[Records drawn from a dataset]
(* Let $a_1,\dots,a_n$ be nonzero integers, consider the equation $a_1x_1+\cdots+a_nx_n=0$, and for $1\le l\le n$ let $$S_l=-\frac{\left(\sum_{i=1}^n a_i\right)-a_l}{a_l}.$$ Suppose there exists an upper triangular $m\times m$ matrix $(c_{i,j})$ whose entries $c_{i,j}$ with $i\le j$ are all positive, each equal to $S_l$ for some $1\le l\le n$, and which has the linkage property. Then the equation is strongly $m$-regular; that is, for every finite collection of inequalities $A_{j,1}x_1+\cdots+A_{j,n}x_n\neq0$ ($1\le j\le k$, $A_{j,i}\in\mathbb{Z}$), none of which is a multiple of the equation, the system consisting of the equation and these inequalities is $m$-regular.
   Context: An upper triangular $m\times m$ matrix $(c_{i,j})$ (with $c_{i,j}=0$ for $i>j$) has the linkage property if for every integer $i$ with $1\le i\le m-1$ and every $j$ with $i<j\le m$, one has $c_{1,i}\cdot c_{i+1,j}=c_{1,j}$. An inequality $A_{1}x_1+\cdots+A_nx_n\neq0$ is a multiple of the equation if $(A_1,\dots,A_n)$ is a scalar multiple of $(a_1,\dots,a_n)$. A system of the equation together with finitely many inequalities is $m$-regular if for every coloring of the positive integers with $m$ colors there exist positive integers $x_1,\dots,x_n$, all of the same color, satisfying the equation and all inequalities. The equation is strongly $m$-regular if adding any finite set of integer-coefficient inequalities, none a multiple of the equation, yields an $m$-regular system. *)

From mathcomp Require Import all_boot all_order all_algebra.
Set Implicit Arguments. Unset Strict Implicit. Unset Printing Implicit Defensive.
Import Order.TTheory GRing.Theory Num.Theory.
Local Open Scope ring_scope.

Definition S_coef (n : nat) (a : 'I_n -> int) (l : 'I_n) : rat :=
  - (((\sum_(i < n) a i) - a l)%:~R) / (a l)%:~R.

(* Upper triangular (entries below the diagonal vanish); indices are
   0-based ordinals, so the paper's c_{i,j} is c (i-1) (j-1). *)
Definition upper_triangular (m : nat) (c : 'M[rat]_m) : Prop :=
  forall i j : 'I_m, (j < i)%N -> c i j = 0.

Definition linkage (m : nat) (c : 'M[rat]_m) : Prop :=
  forall i0 i j k : 'I_m, val i0 = 0%N -> val j = (val i).+1 ->
    (val i < val k)%N -> c i0 i * c j k = c i0 k.

Definition lin_form (n : nat) (A : 'I_n -> int) (x : 'I_n -> nat) : int :=
  \sum_(i < n) A i * (x i)%:Z.

Definition is_multiple (n : nat) (A a : 'I_n -> int) : Prop :=
  exists lam : rat, forall i, (A i)%:~R = lam * (a i)%:~R.

Definition m_regular_system (n m k : nat) (a : 'I_n -> int)
    (A : 'I_k -> 'I_n -> int) : Prop :=
  forall col : nat -> 'I_m,
    exists x : 'I_n -> nat,
      (forall i, (0 < x i)%N) /\
      (forall i j, col (x i) = col (x j)) /\
      lin_form a x = 0 /\
      (forall j, lin_form (A j) x != 0).

Definition strongly_m_regular (n m : nat) (a : 'I_n -> int) : Prop :=
  forall (k : nat) (A : 'I_k -> 'I_n -> int),
    (forall j, ~ is_multiple (A j) a) -> m_regular_system m a A.

(* Write t_0 = 1 and t_j = c_{1,j}; the linkage property gives t_q = c_{p+1,q} t_p
   for p < q, so after clearing denominators we get positive integers
   N_0, ..., N_m whose ratios N_q / N_p (p < q) are all of the form S_l.
   Colour z by the vector of colours of N_0 z, ..., N_m z and take a long
   monochromatic progression y + r d (van der Waerden).  Two of the m + 1
   numbers N_j y share a colour, say N_p y and N_q y with N_q = S_l N_p; then
   x_i = M_i (y + r_i d) with M_l = N_q and M_i = N_p otherwise is monochromatic
   whenever every r_i is at most the length of the progression, and
   sum_i a_i M_i = 0.  It remains to choose small r_i solving the equation and
   avoiding the finitely many hyperplanes of the inequalities, which are not
   parallel to the hyperplane of the equation. *)

From mathcomp Require Import all_boot all_order all_algebra.
From mathcomp Require Import zify ring lra.
Import Order.TTheory GRing.Theory Num.Theory.
Set Implicit Arguments. Unset Strict Implicit. Unset Printing Implicit Defensive.

Definition mono_ap (T : Type) (chi : nat -> T) (k N : nat) :=
  exists a d, [/\ 0 < d, d <= N, a + k * d < N &
    forall j, j <= k -> chi (a + j * d) = chi a].

Definition vdW (k : nat) :=
  forall T : finType, exists N, forall chi : nat -> T, mono_ap chi k N.

Lemma vdW0 : vdW 0.
Proof.
move=> T; exists 1 => chi; exists 0, 1; split=> // j.
by rewrite leqn0 => /eqP ->.
Qed.

Lemma ap_extend (T : Type) (chi : nat -> T) k a d :
  (forall j, j <= k -> chi (a + j * d) = chi a) -> chi (a + k.+1 * d) = chi a ->
  forall j, j <= k.+1 -> chi (a + j * d) = chi a.
Proof.
move=> Hap Hlast j; rewrite leq_eqVlt ltnS => /orP [/eqP ->|] //.
exact: Hap.
Qed.

Lemma surj_of_inj_card (T : finType) (g : nat -> T) :
  (forall i i', i < #|T| -> i' < #|T| -> g i = g i' -> i = i') ->
  forall t, exists2 i, i < #|T| & g i = t.
Proof.
move=> g_inj t.
have inj_g : injective (fun i : 'I_#|T| => g i).
  by move=> i i' /g_inj eq_ii'; apply/val_inj/eq_ii'.
have [h _ gK] := inj_card_bij inj_g (eq_leq (esym (card_ord _))).
by exists (h t) => //; rewrite gK.
Qed.

Section Focusing.

Variables (k : nat) (T : finType).
Hypothesis vdWk : vdW k.

(* [s] monochromatic progressions of length [k.+1], of distinct colours, whose
   next terms all coincide at the focus [f]. *)
Definition focused (chi : nat -> T) s N :=
  exists2 f, f < N & exists a d : nat -> nat,
    (forall i, i < s -> [/\ 0 < d i, a i + k.+1 * d i = f &
       forall j, j <= k -> chi (a i + j * d i) = chi (a i)]) /\
    (forall i i', i < s -> i' < s -> chi (a i) = chi (a i') -> i = i').

Section Blocks.

Variables (chi : nat -> T) (Ns b e M : nat).
Hypotheses (e_gt0 : 0 < e) (e_le : e <= M) (bke_lt : b + k * e < M).
Hypothesis block_ap : forall j o, j <= k -> o < Ns ->
  chi (Ns * (b + j * e) + o) = chi (Ns * b + o).

Lemma mono_ap_block :
  mono_ap (fun x => chi (Ns * b + x)) k.+1 Ns -> mono_ap chi k.+1 (Ns * (2 * M)).
Proof.
move=> [a [d [d_gt0 d_le ad_lt Hap]]]; exists (Ns * b + a), d; split=> //.
- by apply: (leq_trans d_le); nia.
- by nia.
- by move=> j /Hap; rewrite -addnA.
Qed.

Lemma ap_shift a d : a + k.+1 * d < Ns ->
  (forall j, j <= k -> chi (Ns * b + (a + j * d)) = chi (Ns * b + a)) ->
  forall j, j <= k -> chi (Ns * b + a + j * (d + Ns * e)) = chi (Ns * b + a).
Proof.
move=> ad_le Hap j jk.
have -> : Ns * b + a + j * (d + Ns * e) = Ns * (b + j * e) + (a + j * d) by ring.
by rewrite block_ap ?Hap //; nia.
Qed.

Lemma focused_extend s : focused (fun x => chi (Ns * b + x)) s Ns ->
  mono_ap chi k.+1 (Ns * (2 * M)) \/ focused chi s.+1 (Ns * (2 * M)).
Proof.
move=> [f f_lt [a [d [Hap a_inj]]]].
case: (pickP (fun i : 'I_s => chi (Ns * b + a i) == chi (Ns * b + f))) => [i /eqP Hi|Hno].
  have [d_gt0 ad_eq Hi_ap] := Hap i (ltn_ord i).
  left; apply: mono_ap_block; exists (a i), (d i); split=> //.
  - by nia.
  - by rewrite ad_eq.
  - by apply: (@ap_extend _ (fun x => chi (Ns * b + x))); rewrite // ad_eq.
(* The focus is itself a progression of difference 0, so the old progressions
   and the new one are all moved along the block progression in the same way. *)
pose a' i := if i < s then a i else f.
pose d' i := if i < s then d i else 0.
have Hap' i : i <= s -> a' i + k.+1 * d' i = f /\
    forall j, j <= k -> chi (Ns * b + (a' i + j * d' i)) = chi (Ns * b + a' i).
  rewrite /a' /d' leq_eqVlt => /orP [/eqP ->|lt_is].
    by rewrite ltnn; split=> [|j _]; rewrite muln0 addn0.
  by rewrite lt_is; have [_ -> ?] := Hap i lt_is; split.
right; exists (Ns * b + f + k.+1 * (Ns * e)); first by nia.
exists (fun i => Ns * b + a' i), (fun i => d' i + Ns * e); split.
  move=> i; rewrite ltnS => le_is; have [ad_eq Hi_ap] := Hap' i le_is; split.
  - by rewrite addn_gt0 orbC muln_gt0 e_gt0 andbT; nia.
  - by rewrite -ad_eq; ring.
  - by apply: ap_shift => //; rewrite ad_eq.
move=> i i'; rewrite !ltnS /a' => le_is le_i's.
case: ltnP => [ilt|ige]; case: ltnP => [i'lt|i'ge] //.
- by move/(a_inj _ _ ilt i'lt).
- by move=> h; have := Hno (Ordinal ilt); rewrite /= h eqxx.
- by move=> h; have := Hno (Ordinal i'lt); rewrite /= h eqxx.
- by lia.
Qed.

End Blocks.

Lemma mono_ap_or_focused s : exists N, forall chi : nat -> T,
  mono_ap chi k.+1 N \/ focused chi s N.
Proof.
elim: s => [|s [Ns HNs]].
  by exists 1 => chi; right; exists 0 => //; exists id, id.
have [M HM] := vdWk {ffun 'I_Ns -> T}.
exists (Ns * (2 * M)) => chi.
have [b [e [e_gt0 e_le bke_lt Hb]]] := HM (fun b => [ffun o : 'I_Ns => chi (Ns * b + o)]).
have block_ap j o : j <= k -> o < Ns -> chi (Ns * (b + j * e) + o) = chi (Ns * b + o).
  move=> jk oN; have := congr1 (fun F : {ffun 'I_Ns -> T} => F (Ordinal oN)) (Hb j jk).
  by rewrite !ffunE.
case: (HNs (fun x => chi (Ns * b + x))) => [inner|foc].
  by left; apply: (mono_ap_block e_gt0 e_le bke_lt inner).
exact: (focused_extend e_gt0 e_le bke_lt block_ap foc).
Qed.

End Focusing.

Theorem van_der_waerden k : vdW k.
Proof.
elim: k => [|k vdWk]; first exact: vdW0.
move=> T; have [N HN] := @mono_ap_or_focused k T vdWk #|T|.
exists N => chi; case: (HN chi) => // [[f f_lt [a [d [Hap a_inj]]]]].
have [i iT Hi] := surj_of_inj_card a_inj (chi f).
have [d_gt0 ad_eq Hi_ap] := Hap i iT.
exists (a i), (d i); split=> //; first by nia.
- by rewrite ad_eq.
- by apply: ap_extend => //; rewrite ad_eq.
Qed.

Lemma dilations_ap (T : finType) (m : nat) (N : 'I_m -> nat) (col : nat -> T) L :
  exists y d, [/\ 0 < y, 0 < d &
    forall j r, r <= L -> col (N j * (y + r * d)) = col (N j * y)].
Proof.
have [M HM] := van_der_waerden L {ffun 'I_m -> T}.
have [y0 [d [d_gt0 _ _ Hap]]] := HM (fun z => [ffun j => col (N j * z.+1)]).
exists y0.+1, d; split=> // j r /Hap /(congr1 (fun F : {ffun 'I_m -> T} => F j)).
by rewrite !ffunE addSn.
Qed.

Lemma pigeonhole_lt (m : nat) (f : 'I_m.+1 -> 'I_m) :
  exists p q : 'I_m.+1, p < q /\ f p = f q.
Proof.
have /injectivePn [p [q neq_pq fpq]] : ~~ injectiveb f.
  by apply/negP => /injectiveP/leq_card; rewrite !card_ord ltnn.
by case: (ltngtP p q) => [lt_pq|lt_qp|/val_inj eq_pq];
  [exists p, q | exists q, p | rewrite eq_pq eqxx in neq_pq].
Qed.

Local Open Scope ring_scope.

Lemma affine_nonvanishing_point1 (k : nat) (u v : 'I_k -> int) :
  exists2 tau : nat, (tau <= k)%N & forall j, v j != 0 -> u j + v j * tau%:Z != 0.
Proof.
pose root j : 'I_k.+1 :=
  odflt ord0 [pick t : 'I_k.+1 | u j + v j * (val t)%:Z == 0].
have : ~~ ([set: 'I_k.+1] \subset [set root j | j in 'I_k]).
  apply/negP => /subset_leq_card; rewrite cardsT card_ord => le_k1_k.
  by have := leq_trans le_k1_k (leq_imset_card _ _); rewrite card_ord ltnn.
case/subsetPn => t _ t_nroot; exists (val t); first exact: ltn_ord t.
move=> j vj_nz; apply/negP => /eqP t_root.
move/negP: t_nroot; case; apply/imsetP; exists j => //.
rewrite /root; case: pickP => [t' /eqP t'_root|/(_ t)]; last by rewrite t_root eqxx.
apply: val_inj => /=; apply/eqP; rewrite -(eqr_nat int); apply/eqP.
apply: (mulfI vj_nz); apply: (addrI (u j)); by rewrite !natz t_root t'_root.
Qed.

• [YOUR OBJECTIVE] Word for word, restate the lines above from the line containing "by exists (h t) => //; rewrite gK." through the line containing "have [d_gt0 ad_eq Hi_ap] := Hap i (ltn_ord", with both included and nothing else.

• [EXPECTED ANSWER]
by exists (h t) => //; rewrite gK.
Qed.

Section Focusing.

Variables (k : nat) (T : finType).
Hypothesis vdWk : vdW k.

(* [s] monochromatic progressions of length [k.+1], of distinct colours, whose
   next terms all coincide at the focus [f]. *)
Definition focused (chi : nat -> T) s N :=
  exists2 f, f < N & exists a d : nat -> nat,
    (forall i, i < s -> [/\ 0 < d i, a i + k.+1 * d i = f &
       forall j, j <= k -> chi (a i + j * d i) = chi (a i)]) /\
    (forall i i', i < s -> i' < s -> chi (a i) = chi (a i') -> i = i').

Section Blocks.

Variables (chi : nat -> T) (Ns b e M : nat).
Hypotheses (e_gt0 : 0 < e) (e_le : e <= M) (bke_lt : b + k * e < M).
Hypothesis block_ap : forall j o, j <= k -> o < Ns ->
  chi (Ns * (b + j * e) + o) = chi (Ns * b + o).

Lemma mono_ap_block :
  mono_ap (fun x => chi (Ns * b + x)) k.+1 Ns -> mono_ap chi k.+1 (Ns * (2 * M)).
Proof.
move=> [a [d [d_gt0 d_le ad_lt Hap]]]; exists (Ns * b + a), d; split=> //.
- by apply: (leq_trans d_le); nia.
- by nia.
- by move=> j /Hap; rewrite -addnA.
Qed.

Lemma ap_shift a d : a + k.+1 * d < Ns ->
  (forall j, j <= k -> chi (Ns * b + (a + j * d)) = chi (Ns * b + a)) ->
  forall j, j <= k -> chi (Ns * b + a + j * (d + Ns * e)) = chi (Ns * b + a).
Proof.
move=> ad_le Hap j jk.
have -> : Ns * b + a + j * (d + Ns * e) = Ns * (b + j * e) + (a + j * d) by ring.
by rewrite block_ap ?Hap //; nia.
Qed.

Lemma focused_extend s : focused (fun x => chi (Ns * b + x)) s Ns ->
  mono_ap chi k.+1 (Ns * (2 * M)) \/ focused chi s.+1 (Ns * (2 * M)).
Proof.
move=> [f f_lt [a [d [Hap a_inj]]]].
case: (pickP (fun i : 'I_s => chi (Ns * b + a i) == chi (Ns * b + f))) => [i /eqP Hi|Hno].
  have [d_gt0 ad_eq Hi_ap] := Hap i (ltn_ord i).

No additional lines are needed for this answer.